United States

103D.003 Fall 2016 Taxes and Politics (Proseminar in United States History)

Why are taxes so complicated? Are they as complicated as they seem? Who really pays them? Who doesn't? And, perhaps most important, how are these decisions made? What is the history of American income taxes, property taxes, payroll taxes, inheritance taxes, sales taxes, gasoline taxes, and the rest? And, most generally, what does the tax structure of a society tell us about it?

103D.002 Fall 2016 The Border (Proseminar in United States History)

According to one of its most eloquent students, the U.S. Mexican border is an open wound "where the third world grates against the first and bleeds." Today hundreds of millions of people cross the border every year, legally and illegally, along with hundreds of billions of dollars worth of goods. This seminar will explore the history of the border zone, both as an unsettled region where millions live and work, and as a uniquely unequal frontier that attracts money, power, bodies, and commodities from around the world.

100AC.001 Fall 2016 The History of Women in the United States before 1900

This course is a survey of the history of women in America from the pre-colonial period to the turn of the twentieth century.  It examines the significant cultural, economic, and political developments that shaped the lives of American women but places gender at the center of historical analysis.  The course also stresses the variety of women's experiences, acknowledging the importance of race, ethnicity, and class in shaping female lives.

131B Fall 2016 US Social History from Civil War to Present

Social history centers on the experiences of groupings of people, their ideas, values, and behaviors, and the impact of these on their interaction with each other as well as with the structures and systems—political, economic, and social—they lived in. This course considers US history from the Civil War to the present through the experiences of major populations in the United States that, until the relatively recent emergence of social history as a method of study, had been left out of the historical narrative.

285D Fall 2016 Research and Writing Seminar and Workshop in 20th Century United States History

In this graduate level research and writing seminar/workshop, students will conduct independent, archival (or, other primary source-based) research on a 20th century U.S. history topic, which will, in turn, serve as the empirical foundation for the completion of a primary source-based and secondary source-informed paper of journal article length.

280D.002 Fall 2016 African American History

This course is designed to introduce graduate students to the history of African Americans in the United States, and to the main lines of scholarly thinking about those issues.

C139C Fall 2016 Civil Rights and Social Movements in U.S. History

Civil Rights and Social Movements in U.S. History presents a top-down (political and legal history), bottom-up (social and cultural history), and comparative (by race and ethnicity as well as region) view of America's struggles for racial equality from roughly World War II until the present.

124A Fall 2016 The United States from the Late 19th Century to the Eve of World War II

For individuals born at the end of the Civil War in 1865 and living through the attack on Pearl Harbor in 1941, their 76 years of life would have witnessed profound technological, social, and ideological change.
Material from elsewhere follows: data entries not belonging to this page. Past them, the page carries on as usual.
(* Let $L$ be a multisorted algebra in the positive existential signature. Then $L$ satisfies axioms (0)–(4) and (7)–(10) if and only if $L$ is isomorphic to a subalgebra of the positive existential algebra $A(W)$ of some set $W$.
   Context: Throughout, the Boolean prime ideal theorem is assumed. Signature. There is a sort $n$ for each natural number $n\ge0$. For every function $\alpha\colon\{1,\dots,n\}\to\{1,\dots,k\}$ there is a unary function symbol (''substitution'') $\alpha\colon n\to k$ (argument of sort $n$, value of sort $k$). Each sort has constants $0,1$ and binary $\vee,\wedge$. For each $n$ there is a function symbol $\exists\colon n+1\to n$ (projection). This is the positive existential signature. For substitutions $\alpha\colon k\to n$, $\beta\colon n\to m$, $\beta\circ\alpha\colon k\to m$ is the substitution symbol of the composite function; $\beta(\alpha(r))$ is composition in an algebra; $\mathrm{id}$ is the identity substitution. The associated cylindrification of $\exists\colon n+1\to n$ is the substitution $c\colon n\to n+1$, $c(i)=i$. $\exists^{(n)}$ denotes $n$-fold application of projection. Concrete algebras. For a set $W$: $\alpha^{\mathrm{tuple}}(x_1,\dots,x_k)=(x_{\alpha(1)},\dots,x_{\alpha(n)})$ and $\alpha^{\mathrm{relation}}(r)=\{\bar x\in W^k:\alpha^{\mathrm{tuple}}(\bar x)\in r\}$ for $r\subseteq W^n$. The positive existential algebra $A(W)$ interprets sort $n$ as $\mathcal P(W^n)$, $\alpha$ as $\alpha^{\mathrm{relation}}$, $0,1,\vee,\wedge$ as $\emptyset,W^n,\cup,\cap$, and $\exists(r)=\{(x_1,\dots,x_n):\exists y\,(x_1,\dots,x_n,y)\in r\}$. Partitioning cylindrifications: for $k_1,\dots,k_m$ and $n=\sum k_j$, the substitutions $c_i\colon k_i\to n$, $c_i(l)=l+\sum_{j<i}k_j$. $x\le y$ (also $y\ge x$) means $x=x\wedge y$. Axioms: (0) For partitioning cylindrifications $c_1,\dots,c_m$ and $r_i,s_i$ of sort $k_i$: if $\bigvee_i c_i(s_i)\ge\bigwedge_i c_i(r_i)$ then $s_i\ge r_i$ for some $i$ (including $m=0$: $0\ge1$ fails in sort $0$). (1) Each sort is a bounded distributive lattice. (2) Substitutions preserve $0,1,\vee,\wedge$. (3) $(\beta\circ\alpha)(r)=\beta(\alpha(r))$. (4) $\mathrm{id}(r)=r$. (7) $\exists(0)=0$ and $\exists(r\vee s)=\exists(r)\vee\exists(s)$. (8) $r\le c(\exists(r))$ for $r$ of sort $n+1$, with $c$ the associated cylindrification. (9) $\exists(r\wedge c(s))=\exists(r)\wedge s$ for $r$ of sort $n+1$, $s$ of sort $n$. (10) For substitutions $\alpha_i\colon k_i\to m$ ($i=1,\dots,n$), let $\beta_i\colon k_i+1\to m+n$ be given by $\beta_i(j)=\alpha_i(j)$ for $j\le k_i$ and $\beta_i(k_i+1)=m+i$ (so $\beta_i^{\mathrm{tuple}}(\bar x y_1\cdots y_n)=\alpha_i^{\mathrm{tuple}}(\bar x)y_i$). Then for all $r_i$ of sort $k_i+1$: $\exists^{(n)}\big(\bigwedge_{i=1}^n\beta_i(r_i)\big)=\bigwedge_{i=1}^n\alpha_i(\exists(r_i))$. *)

From mathcomp Require Import all_boot.
Set Implicit Arguments. Unset Strict Implicit. Unset Printing Implicit Defensive.

(* Sorts are natural numbers n; the variables of sort n are indexed by 'I_n
   (0-based, i.e. i : 'I_n stands for the paper's i+1 in {1,...,n}).
   A substitution symbol alpha : n -> k is a function {1..n} -> {1..k},
   represented as a finite function {ffun 'I_n -> 'I_k} (so that extensionally
   equal functions give the same symbol). *)

Record peAlg := PeAlg {
  psort  : nat -> Type;
  psubst : forall n k : nat, {ffun 'I_n -> 'I_k} -> psort n -> psort k;
  pzero  : forall n, psort n;
  pone   : forall n, psort n;
  pjoin  : forall n, psort n -> psort n -> psort n;
  pmeet  : forall n, psort n -> psort n -> psort n;
  pex    : forall n, psort n.+1 -> psort n
}.

Definition snoc (W : Type) (n : nat) (x : 'I_n -> W) (y : W) : 'I_n.+1 -> W :=
  fun i => match unlift ord_max i with Some j => x j | None => y end.

Definition A (W : Type) : peAlg :=
  @PeAlg (fun n => ('I_n -> W) -> Prop)
    (fun n k (a : {ffun 'I_n -> 'I_k}) r (x : 'I_k -> W) => r (fun i => x (a i)))
    (fun n _ => False)
    (fun n _ => True)
    (fun n r s x => r x \/ s x)
    (fun n r s x => r x /\ s x)
    (fun n r (x : 'I_n -> W) => exists y : W, r (snoc x y)).

(** Homomorphisms; "isomorphic to a subalgebra" = injective homomorphism. *)
Definition pe_hom (L M : peAlg) (h : forall n, psort L n -> psort M n) : Prop :=
  (forall n k (a : {ffun 'I_n -> 'I_k}) r,
          h k (psubst a r) = psubst a (h n r)) /\
  (forall n, h n (pzero L n) = pzero M n) /\
  (forall n, h n (pone L n) = pone M n) /\
  (forall n r s, h n (pjoin r s) = pjoin (h n r) (h n s)) /\
  (forall n r s, h n (pmeet r s) = pmeet (h n r) (h n s)) /\
  (forall n r, h n (pex r) = pex (h n.+1 r)).

Definition embeds_in_A (L : peAlg) : Prop :=
  exists (W : Type) (h : forall n, psort L n -> psort (A W) n),
    pe_hom h /\ forall n, injective (h n).

Section Ax.
Variable L : peAlg.

Definition ple n (x y : psort L n) : Prop := x = pmeet x y.

Definition fcomp n k m (b : {ffun 'I_k -> 'I_m}) (a : {ffun 'I_n -> 'I_k})
  : {ffun 'I_n -> 'I_m} := [ffun i => b (a i)].

Definition cyl n : {ffun 'I_n -> 'I_n.+1} := [ffun i => widen_ord (leqnSn n) i].

Lemma pcyl_proof (ks : seq nat) (i : 'I_(size ks)) (l : 'I_(nth 0 ks i)) :
  l + sumn (take i ks) < sumn ks.
Proof.
have Hl := ltn_ord l.
have E : sumn ks = sumn (take i ks) + (nth 0 ks i + sumn (drop i.+1 ks)).
  by rewrite -{1}(cat_take_drop i ks) sumn_cat (drop_nth 0 (ltn_ord i)).
rewrite E addnC ltn_add2l.
exact: leq_trans Hl (leq_addr _ _).
Qed.

Definition pcyl (ks : seq nat) (i : 'I_(size ks)) :
  {ffun 'I_(nth 0 ks i) -> 'I_(sumn ks)} :=
  [ffun l => Ordinal (pcyl_proof l)].

Fixpoint pexn (n m : nat) : psort L (n + m) -> psort L m :=
  match n return psort L (n + m) -> psort L m with
  | 0 => fun x => x
  | n'.+1 => fun x => @pexn n' m (@pex L (n' + m) x)
  end.

(* beta_i : k_i + 1 -> n + m from alpha_i : k_i -> m
   (positions 0..m-1 are the x's, position m+i is y_i) *)
Definition beta_of (n m k : nat) (a : {ffun 'I_k -> 'I_m}) (i : 'I_n)
  : {ffun 'I_k.+1 -> 'I_(n + m)} :=
  [ffun j => match unlift ord_max j with
             | Some j' => cast_ord (addnC m n) (lshift n (a j'))
             | None => cast_ord (addnC m n) (rshift m i)
             end].

Definition pe_axioms : Prop :=
  (* (0) *)
   (forall (ks : seq nat) (r s : forall i : 'I_(size ks), psort L (nth 0 ks i)),
      ple (\big[@pmeet L (sumn ks)/pone L (sumn ks)]_(i < size ks) psubst (pcyl i) (r i))
          (\big[@pjoin L (sumn ks)/pzero L (sumn ks)]_(i < size ks) psubst (pcyl i) (s i)) ->
      exists i, ple (r i) (s i)) /\
   (* (1) bounded distributive lattices *)
   (forall n (x y z : psort L n),
      pjoin x (pjoin y z) = pjoin (pjoin x y) z /\
      pmeet x (pmeet y z) = pmeet (pmeet x y) z /\
      pjoin x y = pjoin y x /\
      pmeet x y = pmeet y x /\
      pjoin x (pmeet x y) = x /\
      pmeet x (pjoin x y) = x /\
      pmeet x (pjoin y z) = pjoin (pmeet x y) (pmeet x z) /\
      pjoin x (pzero L n) = x /\
      pmeet x (pone L n) = x) /\
   (* (2) substitutions preserve 0,1,join,meet *)
   (forall n k (a : {ffun 'I_n -> 'I_k}) (x y : psort L n),
      [/\ psubst a (pzero L n) = pzero L k,
          psubst a (pone L n) = pone L k,
          psubst a (pjoin x y) = pjoin (psubst a x) (psubst a y) &
          psubst a (pmeet x y) = pmeet (psubst a x) (psubst a y)]) /\
   (* (3) *)
   (forall n k m (a : {ffun 'I_n -> 'I_k}) (b : {ffun 'I_k -> 'I_m}) (r : psort L n),
      psubst (fcomp b a) r = psubst b (psubst a r)) /\
   (* (4) *)
   (forall n (r : psort L n), psubst [ffun i : 'I_n => i] r = r) /\
   (* (7) *)
   (forall n (r s : psort L n.+1),
      pex (pzero L n.+1) = pzero L n /\ pex (pjoin r s) = pjoin (pex r) (pex s)) /\
   (* (8) *)
   (forall n (r : psort L n.+1), ple r (psubst (cyl n) (pex r))) /\
   (* (9) *)
   (forall n (r : psort L n.+1) (s : psort L n),
      pex (pmeet r (psubst (cyl n) s)) = pmeet (pex r) s) /\
   (* (10) *)
   (forall (n m : nat) (k : 'I_n -> nat) (a : forall i, {ffun 'I_(k i) -> 'I_m})
           (r : forall i, psort L (k i).+1),
      pexn (\big[@pmeet L (n + m)/pone L (n + m)]_(i < n) psubst (beta_of (a i) i) (r i))
      = \big[@pmeet L m/pone L m]_(i < n) psubst (a i) (pex (r i))).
Innovations such as the telephone, airplane, and automobile transformed American business and reoriented social life. As the power of businesses grew, factory workers and farmers responded with uneven success.

103D.005 Fall 2016 In Capitalism We Trust: American Business History from Cotton to Foreclosure (Proseminar in United States History)

When President Calvin Coolidge declared in 1925 that “the chief business of the American people is business,” he was not making a historical argument, though it would have been a defensible one. Nearly a century earlier, French visitor, Alexis de Tocqueville, made a similar observation. Indeed, America was colonized by joint-stock corporations! Understanding the history of American capitalism therefore unlocks a great deal about America itself. How did capital become capitalism and how did capitalism affected Americans’ lives?